§ **TASK BRIEF**:
The answer should consist of every line in the material below that has the word "induction".
::::
(* Let $\lambda_0,\dots,\lambda_n\in\mathbb{C}$, $n\ge1$, and $a\neq b$ real, and suppose $E_{(\lambda_0,\dots,\lambda_n)}$ and $E_{(\lambda_0,\dots,\lambda_{n-1})}$ are extended Chebyshev systems for $\{a,b\}$. For $k=0,\dots,n-1$ the limit $$d_k:=\lim_{x\to b}\frac{\frac{d}{dx}p_{(\lambda_0,\dots,\lambda_n),k}(x)}{p_{(\lambda_0,\dots,\lambda_{n-1}),k}(x)}$$ exists and is nonzero, and $$\Big(\frac{d}{dx}-\lambda_n\Big)p_{(\lambda_0,\dots,\lambda_n),k}=p_{(\lambda_0,\dots,\lambda_{n-1}),k-1}+d_k\,p_{(\lambda_0,\dots,\lambda_{n-1}),k}\quad\text{for }k=1,\dots,n-1,$$ while $(\frac{d}{dx}-\lambda_n)p_{(\lambda_0,\dots,\lambda_n),0}=d_0\,p_{(\lambda_0,\dots,\lambda_{n-1}),0}$ and $(\frac{d}{dx}-\lambda_n)p_{(\lambda_0,\dots,\lambda_n),n}=p_{(\lambda_0,\dots,\lambda_{n-1}),n-1}$.
   Context: $E_{(\lambda_0,\dots,\lambda_m)}$ denotes the space of all $f\in C^\infty(\mathbb{R},\mathbb{C})$ with $(\frac{d}{dx}-\lambda_0)\cdots(\frac{d}{dx}-\lambda_m)f=0$ (dimension $m+1$). A zero of order (exactly) $k$ at $a$ means $f(a)=\dots=f^{(k-1)}(a)=0$, $f^{(k)}(a)\neq0$. $E_{(\lambda_0,\dots,\lambda_m)}$ is an extended Chebyshev system for $A\subset\mathbb{R}$ if every nonzero element has at most $m$ zeros in $A$ counted with multiplicity. In that case, for $A=\{a,b\}$, $a\ne b$, the Bernstein basis $p_{(\lambda_0,\dots,\lambda_m),k}$, $k=0,\dots,m$, is the unique family in $E_{(\lambda_0,\dots,\lambda_m)}$ with $p_{(\lambda_0,\dots,\lambda_m),k}$ having a zero of order exactly $k$ at $a$ and exactly $m-k$ at $b$, and $p^{(k)}_{(\lambda_0,\dots,\lambda_m),k}(a)=1$. *)

From Stdlib Require Export Reals.
Open Scope R_scope.

Definition Cx : Type := (R * R)%type.
Definition C0 : Cx := (0, 0).
Definition C1 : Cx := (1, 0).
Definition Cadd (z w : Cx) : Cx := (fst z + fst w, snd z + snd w).
Definition Copp (z : Cx) : Cx := (- fst z, - snd z).
Definition Csub (z w : Cx) : Cx := Cadd z (Copp w).
Definition Cmul (z w : Cx) : Cx :=
  (fst z * fst w - snd z * snd w, fst z * snd w + snd z * fst w).
Definition Cnorm2 (z : Cx) : R := fst z * fst z + snd z * snd z.
Definition Cinv (z : Cx) : Cx := (fst z / Cnorm2 z, - snd z / Cnorm2 z).
Definition Cdiv (z w : Cx) : Cx := Cmul z (Cinv w).
Definition Cnorm (z : Cx) : R := sqrt (Cnorm2 z).

Definition is_deriv (f g : R -> Cx) : Prop :=
  forall x, derivable_pt_lim (fun t => fst (f t)) x (fst (g x)) /\
            derivable_pt_lim (fun t => snd (f t)) x (snd (g x)).

Definition derseq (f : R -> Cx) (F : nat -> R -> Cx) : Prop :=
  (forall x, F 0%nat x = f x) /\ forall j, is_deriv (F j) (F (S j)).

Definition smooth (f : R -> Cx) : Prop := exists F, derseq f F.

(** ann lam m f : (d/dx - lam 0) ... (d/dx - lam m) f = 0,
    the rightmost factor (d/dx - lam m) being applied first. *)
Fixpoint ann (lam : nat -> Cx) (m : nat) (f : R -> Cx) : Prop :=
  match m with
  | O => exists g, is_deriv f g /\ forall x, Csub (g x) (Cmul (lam 0%nat) (f x)) = C0
  | S m' => exists g, is_deriv f g /\
              ann lam m' (fun x => Csub (g x) (Cmul (lam (S m')) (f x)))
  end.

Definition inE (lam : nat -> Cx) (m : nat) (f : R -> Cx) : Prop :=
  smooth f /\ ann lam m f.

Definition vanishes_to (f : R -> Cx) (a : R) (k : nat) : Prop :=
  exists F, derseq f F /\ forall j, (j < k)%nat -> F j a = C0.

Definition zero_order (f : R -> Cx) (a : R) (k : nat) : Prop :=
  exists F, derseq f F /\ (forall j, (j < k)%nat -> F j a = C0) /\ F k a <> C0.

Definition deriv_at (f : R -> Cx) (k : nat) (a : R) (v : Cx) : Prop :=
  exists F, derseq f F /\ F k a = v.

(** E_(lam 0..lam m) is an extended Chebyshev system for {a, b}:
    every nonzero element has at most m zeros in {a,b} counted with multiplicity. *)
Definition ECT_ab (lam : nat -> Cx) (m : nat) (a b : R) : Prop :=
  forall f, inE lam m f -> (exists x, f x <> C0) ->
    forall i j, vanishes_to f a i -> vanishes_to f b j -> (i + j <= m)%nat.

Definition bernstein_basis (lam : nat -> Cx) (m : nat) (a b : R)
    (p : nat -> R -> Cx) : Prop :=
  forall k, (k <= m)%nat ->
    inE lam m (p k) /\ zero_order (p k) a k /\ zero_order (p k) b (m - k) /\
    deriv_at (p k) k a C1.

Definition Clim (h : R -> Cx) (b : R) (l : Cx) : Prop :=
  forall eps, 0 < eps -> exists delta, 0 < delta /\
    forall x, x <> b -> Rabs (x - b) < delta -> Cnorm (Csub (h x) l) < eps.

From Pilot Require Import Defs.
From Stdlib Require Import Reals Lra Lia Factorial Classical FunctionalExtensionality IndefiniteDescription.
Open Scope R_scope.

(* Write n = n'+1, let p_k and q_k be the Bernstein bases of E_(lam 0..lam n) and
   E_(lam 0..lam n') for {a,b}, and h_k := (d/dx - lam n) p_k.  Two facts carry the proof.
   - The operator d/dx - lam n maps E_(lam 0..lam n) into E_(lam 0..lam n'), and the j-th
     derivative of h_k is p_k^(j+1) - lam n p_k^(j); hence wherever p_k vanishes to order r,
     h_k^(j) = p_k^(j+1) for j < r.  This gives the derivative data of h_k at a and at b.
   - Hermite uniqueness: in an extended Chebyshev space E_(lam 0..lam m) an element vanishing
     to orders i at a and j at b with i + j > m is zero.
   With d_k := p_k^(n-k)(b) / q_k^(n'-k)(b), the functions h_k and q_(k-1) + d_k q_k have the
   same derivatives at a up to order k and at b up to order n'-k+1, hence coincide; the cases
   k = 0 and k = n are analogous.  The limit is a l'Hopital rule proved from the Lagrange form
   of Taylor's theorem applied to the real and imaginary parts.  Only the Chebyshev property
   of the smaller space E_(lam 0..lam n') is needed. *)

Ltac Csolve :=
  unfold Csub, Cadd, Copp, Cmul, C0, Defs.C1 in *; apply injective_projections; simpl; ring.

(** * Complex arithmetic *)

Definition lin (f : R -> Cx) (c : Cx) (g : R -> Cx) : R -> Cx :=
  fun x => Cadd (f x) (Cmul c (g x)).

Lemma lin_Copp (g f : R -> Cx) (c : Cx) (x : R) :
  lin g (Copp c) f x = Csub (g x) (Cmul c (f x)).
Proof. unfold lin. Csolve. Qed.

Lemma lin_eq0 (z c w : Cx) : Cadd z (Cmul (Copp c) w) = C0 -> z = Cmul c w.
Proof.
  destruct z as [z1 z2], c as [c1 c2], w as [w1 w2].
  unfold Cadd, Cmul, Copp, C0; simpl. intros E; injection E as E1 E2. f_equal; lra.
Qed.

Lemma Cnorm2_neq0 (z : Cx) : z <> C0 -> Cnorm2 z <> 0.
Proof.
  destruct z as [z1 z2]. unfold Cnorm2, C0; simpl. intros Hz H. apply Hz. f_equal; nra.
Qed.

Lemma Cdiv_mul (e c : Cx) : c <> C0 -> Cmul (Cdiv e c) c = e.
Proof.
  intros Hc. pose proof (Cnorm2_neq0 c Hc) as N.
  destruct c as [c1 c2], e as [e1 e2]. unfold Cnorm2 in N; simpl in N.
  unfold Cdiv, Cmul, Cinv, Cnorm2; simpl. f_equal; field; exact N.
Qed.

Lemma Cdiv_neq0 (e c : Cx) : e <> C0 -> c <> C0 -> Cdiv e c <> C0.
Proof.
  intros He Hc H. apply He. rewrite <- (Cdiv_mul e c Hc), H. Csolve.
Qed.

Definition Cscale (t : R) (z : Cx) : Cx := (t * fst z, t * snd z).

(* A common nonzero real factor cancels in a complex quotient (also for w = 0). *)
Lemma Cdiv_scale (t : R) (z w : Cx) : t <> 0 -> Cdiv (Cscale t z) (Cscale t w) = Cdiv z w.
Proof.
  intros Ht. destruct z as [z1 z2], w as [w1 w2].
  unfold Cdiv, Cmul, Cinv, Cnorm2, Cscale; simpl.
  destruct (Req_dec (w1 * w1 + w2 * w2) 0) as [H0|H0].
  - assert (w1 = 0) by nra. assert (w2 = 0) by nra. subst. f_equal; unfold Rdiv; ring.
  - assert (Hs : t * w1 * (t * w1) + t * w2 * (t * w2) <> 0).
    { replace (t * w1 * (t * w1) + t * w2 * (t * w2)) with (t * t * (w1 * w1 + w2 * w2)) by ring.
      apply Rmult_integral_contrapositive_currified; [|exact H0].
      apply Rmult_integral_contrapositive_currified; exact Ht. }
    f_equal; field; auto.
Qed.

Lemma Cnorm_lt (z : Cx) (e : R) : Rabs (fst z) < e / 2 -> Rabs (snd z) < e / 2 -> Cnorm z < e.
Proof.
  intros H1 H2. apply Rabs_def2 in H1, H2.
  unfold Cnorm, Cnorm2. rewrite <- (sqrt_Rsqr e) by lra. unfold Rsqr.
  apply sqrt_lt_1; nra.
Qed.

(** * Derivatives and derivative sequences *)

Lemma is_deriv_lin (f f' g g' : R -> Cx) (c : Cx) :
  is_deriv f f' -> is_deriv g g' -> is_deriv (lin f c g) (lin f' c g').
Proof.
  intros Hf Hg x. destruct (Hf x) as [Hf1 Hf2], (Hg x) as [Hg1 Hg2].
  unfold lin, Cadd, Cmul; simpl. split.
  - apply derivable_pt_lim_plus; auto.
    apply derivable_pt_lim_minus; apply derivable_pt_lim_scal; auto.
  - apply derivable_pt_lim_plus; auto.
    apply derivable_pt_lim_plus; apply derivable_pt_lim_scal; auto.
Qed.

Lemma derseq_lin (f g : R -> Cx) (F G : nat -> R -> Cx) (c : Cx) :
  derseq f F -> derseq g G -> derseq (lin f c g) (fun j => lin (F j) c (G j)).
Proof.
  intros [HF0 HF] [HG0 HG]. split.
  - intros x. unfold lin. rewrite HF0, HG0. reflexivity.
  - intros j. apply is_deriv_lin; auto.
Qed.

Lemma is_deriv_unique (f g1 g2 : R -> Cx) : is_deriv f g1 -> is_deriv f g2 -> forall x, g1 x = g2 x.
Proof.
  intros H1 H2 x. destruct (H1 x) as [A1 B1], (H2 x) as [A2 B2].
  rewrite (surjective_pairing (g1 x)), (surjective_pairing (g2 x)).
  f_equal; eapply uniqueness_limite; eauto.
Qed.

(* All derivative sequences of f agree, so derivative data do not depend on the witness. *)
Lemma derseq_unique (f : R -> Cx) (F G : nat -> R -> Cx) :
  derseq f F -> derseq f G -> forall j x, F j x = G j x.
Proof.
  intros [HF0 HF] [HG0 HG] j. induction j as [|j IH]; intros x.
  - rewrite HF0, HG0; reflexivity.
  - assert (E : F j = G j) by (extensionality y; apply IH).
    apply (is_deriv_unique (F j)); [apply HF | rewrite E; apply HG].
Qed.

Lemma derseq_shift (f g : R -> Cx) (F : nat -> R -> Cx) :
  derseq f F -> is_deriv f g -> derseq g (fun j => F (S j)).
Proof.
  intros [HF0 HF] Hg. split; [|intros j; apply HF].
  intros x. apply (is_deriv_unique f); auto.
  replace f with (F 0%nat) by (extensionality y; apply HF0). apply HF.
Qed.

(** * The spaces E_(lam 0..lam m) *)

Lemma ann_lin (lam : nat -> Cx) (m : nat) :
  forall f g c, ann lam m f -> ann lam m g -> ann lam m (lin f c g).
Proof.
  induction m as [|m IH]; intros f g c [f' [Hf Hfa]] [g' [Hg Hga]];
    exists (lin f' c g'); (split; [apply is_deriv_lin; auto|]).
  - intros x.
    transitivity (Cadd (Csub (f' x) (Cmul (lam 0%nat) (f x)))
                       (Cmul c (Csub (g' x) (Cmul (lam 0%nat) (g x))))).
    + unfold lin. Csolve.
    + rewrite Hfa, Hga. Csolve.
  - replace (fun x => Csub (lin f' c g' x) (Cmul (lam (S m)) (lin f c g x)))
      with (lin (fun x => Csub (f' x) (Cmul (lam (S m)) (f x))) c
                (fun x => Csub (g' x) (Cmul (lam (S m)) (g x)))).
    + apply IH; auto.
    + extensionality x. unfold lin. Csolve.
Qed.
::::
§ **RESPONSE AREA**:
  intros [HF0 HF] [HG0 HG] j. induction j as [|j IH]; intros x.
  induction m as [|m IH]; intros f g c [f' [Hf Hfa]] [g' [Hg Hga]];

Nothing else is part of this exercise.